All lines below containing "every" are to be listed.

_Stored data entries_.

*** Begin section ***

(* Let $\mathcal{A}$ be a Banach algebra such that for every $a'''\in\mathcal{A}^{***}$ the mapping $a''\mapsto a''a'''$ from $\mathcal{A}^{**}$ into $\mathcal{A}^{***}$ is $\sigma(\mathcal{A}^{**},\mathcal{A}^* )$-to-$\sigma(\mathcal{A}^{***},\mathcal{A}^{**})$ continuous. If $\mathcal{A}^{**}$ is weakly amenable, then $\mathcal{A}$ is weakly amenable.
   Context: $\mathcal{A}^{**}$ carries the first Arens product: for $a,b\in\mathcal{A}$, $a'\in\mathcal{A}^*$, $a'',b''\in\mathcal{A}^{**}$, $\langle a'a,b\rangle=\langle a',ab\rangle$, $\langle b''a',a\rangle=\langle b'',a'a\rangle$, $\langle a''\cdot b'',a'\rangle=\langle a'',b''a'\rangle$. For $a'''\in\mathcal{A}^{***}$, $a''a'''\in\mathcal{A}^{***}$ is defined by $\langle a''a''',b''\rangle=\langle a''',b''\cdot a''\rangle$. A Banach algebra $B$ is weakly amenable if every bounded derivation $D:B\to B^*$ (with the dual bimodule structure on $B^*$) is inner, i.e. of the form $D(b)=b\phi-\phi b$ for some $\phi\in B^*$. *)

From HB Require Import structures.
From mathcomp Require Import all_boot all_order all_algebra.
From mathcomp Require Import all_classical all_reals all_analysis.
From mathcomp Require Export complex.
Set Implicit Arguments. Unset Strict Implicit. Unset Printing Implicit Defensive.
Import Order.TTheory GRing.Theory Num.Theory.
Import numFieldNormedType.Exports.
Local Open Scope ring_scope.
Local Open Scope classical_set_scope.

*** End section ***

_REPLY TO THE TASK_.
(* Let $\mathcal{A}$ be a Banach algebra such that for every $a'''\in\mathcal{A}^{***}$ the mapping $a''\mapsto a''a'''$ from $\mathcal{A}^{**}$ into $\mathcal{A}^{***}$ is $\sigma(\mathcal{A}^{**},\mathcal{A}^* )$-to-$\sigma(\mathcal{A}^{***},\mathcal{A}^{**})$ continuous. If $\mathcal{A}^{**}$ is weakly amenable, then $\mathcal{A}$ is weakly amenable.
   Context: $\mathcal{A}^{**}$ carries the first Arens product: for $a,b\in\mathcal{A}$, $a'\in\mathcal{A}^*$, $a'',b''\in\mathcal{A}^{**}$, $\langle a'a,b\rangle=\langle a',ab\rangle$, $\langle b''a',a\rangle=\langle b'',a'a\rangle$, $\langle a''\cdot b'',a'\rangle=\langle a'',b''a'\rangle$. For $a'''\in\mathcal{A}^{***}$, $a''a'''\in\mathcal{A}^{***}$ is defined by $\langle a''a''',b''\rangle=\langle a''',b''\cdot a''\rangle$. A Banach algebra $B$ is weakly amenable if every bounded derivation $D:B\to B^*$ (with the dual bimodule structure on $B^*$) is inner, i.e. of the form $D(b)=b\phi-\phi b$ for some $\phi\in B^*$. *)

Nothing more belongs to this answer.